I quite unexpectedly enjoyed this. First things first - the writing style is odd. Much of it is written in disjointed, fragmented sentences and is in a stream of consciousness style. It definitely takes some getting used to but by the second chapter I had been absorbed enough by the story that the writing style no longer bothered me. In fact, I liked that the style evoked the strong feeling of confusion and detachment we see mirrored in our central character. We never really know whose viewpoint the story is written from which allows us to feel distanced from the action, like a fly on the wall.


Devoured

Another reason I shouldn't like this book is that there's not a huge amount of plot! Most of the action focuses on a particular period of a few months and actually, there are relatively few events to mark the passing of time. But actually, it focuses on this pivotal moment in a young girl's transition into womanhood and there is a sense that all of the events that do happen are going to affect her deeply and in the end will forever shape the way she perceives the world.
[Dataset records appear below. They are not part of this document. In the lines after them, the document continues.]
(* Let $(V_4,g)$ be an oriented space-time with Ricci tensor $R$ and self-dual Weyl tensor $\mathcal W$. (i) Let $\mathcal U$ be a normalized self-dual bivector, $\mathcal U=\frac1{\sqrt2}(U-i*U)$ with $U$ a simple unit 2-form, and $\Pi=2\,\mathcal U\cdot\bar{\mathcal U}$. Then $R$ is algebraically of Einstein–Maxwell type with unitary principal bivector $\mathcal U$ (i.e. $R=-\kappa\Pi$ for some nonvanishing function $\kappa$) if and only if $R\neq0$, $\mathrm{tr}R=0$ and $R\cdot\mathcal U=\mathcal U\cdot R$. (ii) Let $\Pi=v-h$ be the structure tensor of a 2+2 almost-product structure (time-like plane with projector $v$, space-like orthogonal plane with projector $h$). Then the space-time is of Petrov–Bel type D with principal structure $\Pi$ if and only if $$a\neq0,\qquad \Pi^{\mu}{}_{(\lambda}\mathcal P_{\nu)\mu\gamma\delta}=0,\qquad \mathcal P\equiv\mathcal W+\frac ba\mathcal G,$$ where $a=\mathrm{Tr}\mathcal W^2$, $b=\mathrm{Tr}\mathcal W^3$.
   Context: Signature $(-,+,+,+)$; curvature conventions as in Kramer et al. For 2-tensors, $(A\cdot B)^\alpha{}_\beta=A^\alpha{}_\mu B^\mu{}_\beta$, $\mathrm{tr}A=A^\alpha{}_\alpha$; bar denotes complex conjugation. For double 2-forms, $(P\circ Q)^{\alpha\beta}{}_{\rho\sigma}=\frac12P^{\alpha\beta}{}_{\mu\nu}Q^{\mu\nu}{}_{\rho\sigma}$, $P^2=P\circ P$, $\mathrm{Tr}P=\frac12P^{\alpha\beta}{}_{\alpha\beta}$. $*$ is the Hodge dual ($*F=\eta(F)$, $*W=\eta\circ W$), $\eta$ the volume element, $G=\frac12g\wedge g$ with $(A\wedge B)_{\alpha\beta\mu\nu}=A_{\alpha\mu}B_{\beta\nu}+A_{\beta\nu}B_{\alpha\mu}-A_{\alpha\nu}B_{\beta\mu}-A_{\beta\mu}B_{\alpha\nu}$; $\mathcal G=\frac12(G-i\eta)$, $\mathcal W=\frac12(W-i*W)$. For a simple unit 2-form $U$ with time-like plane $V$ (volume element $U$) and orthogonal complement $H$, $v=U^2$, $h=-( *U)^2$ are the projectors and $\Pi=v-h=2\mathcal U\cdot\bar{\mathcal U}$. Type D: $\mathcal W$ has a double eigenvalue and minimal polynomial of degree two, i.e. $\mathcal W=3\rho\,\mathcal U\otimes\mathcal U+\rho\mathcal G$, $\rho=-b/a$; its principal structure is $\Pi=2\mathcal U\cdot\bar{\mathcal U}$ built from this canonical bivector $\mathcal U$. *)

(* Pointwise (tangent-space) formalization in a positively
   oriented orthonormal frame of signature (-,+,+,+).  All tensors are given
   by their fully covariant components; indices are raised with eta. *)
From HB Require Import structures.
From mathcomp Require Import all_boot all_order all_algebra.
From mathcomp Require Import complex.
Set Implicit Arguments. Unset Strict Implicit. Unset Printing Implicit Defensive.
Import Order.TTheory GRing.Theory Num.Theory.
Local Open Scope ring_scope.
It's clear that there are blurred lines about what is deemed acceptable in this communal living arrangement and whilst the two children are clearly loved to a degree, there is this whole feeling throughout of a childhood not being properly lived. Somehow, this book manages to be both acerbically funny and a tad melancholic at the same time. The adults in this story are so ridiculously earnest sometimes in wanting to pursue their alternative lifestyle, that they cannot see their own hypocrisy. The fact that they secretly resent each other is always bubbling away under the surface, often to comic effect.


Often we know more about what is going on than the children do, as we are able to understand the context behind events that confuse our protagonist (for example that there is an awful lot of bed swopping going on in this house!) Our protagonist sees herself as worldly, but in the end what is most heart wrenching, is her naivety at the behaviour of the adults around her and how she doesn't realise until too late that she is being taken advantage of.


What this book really did, is make me care about the two children in it. I was desperate to know how life turned out for them and their journey kept me hooked. Normally I wouldn't love a book that is so experimental in style, but I am glad that I got it in my surprise bundle from The Book Hive, as I never would have discovered it otherwise.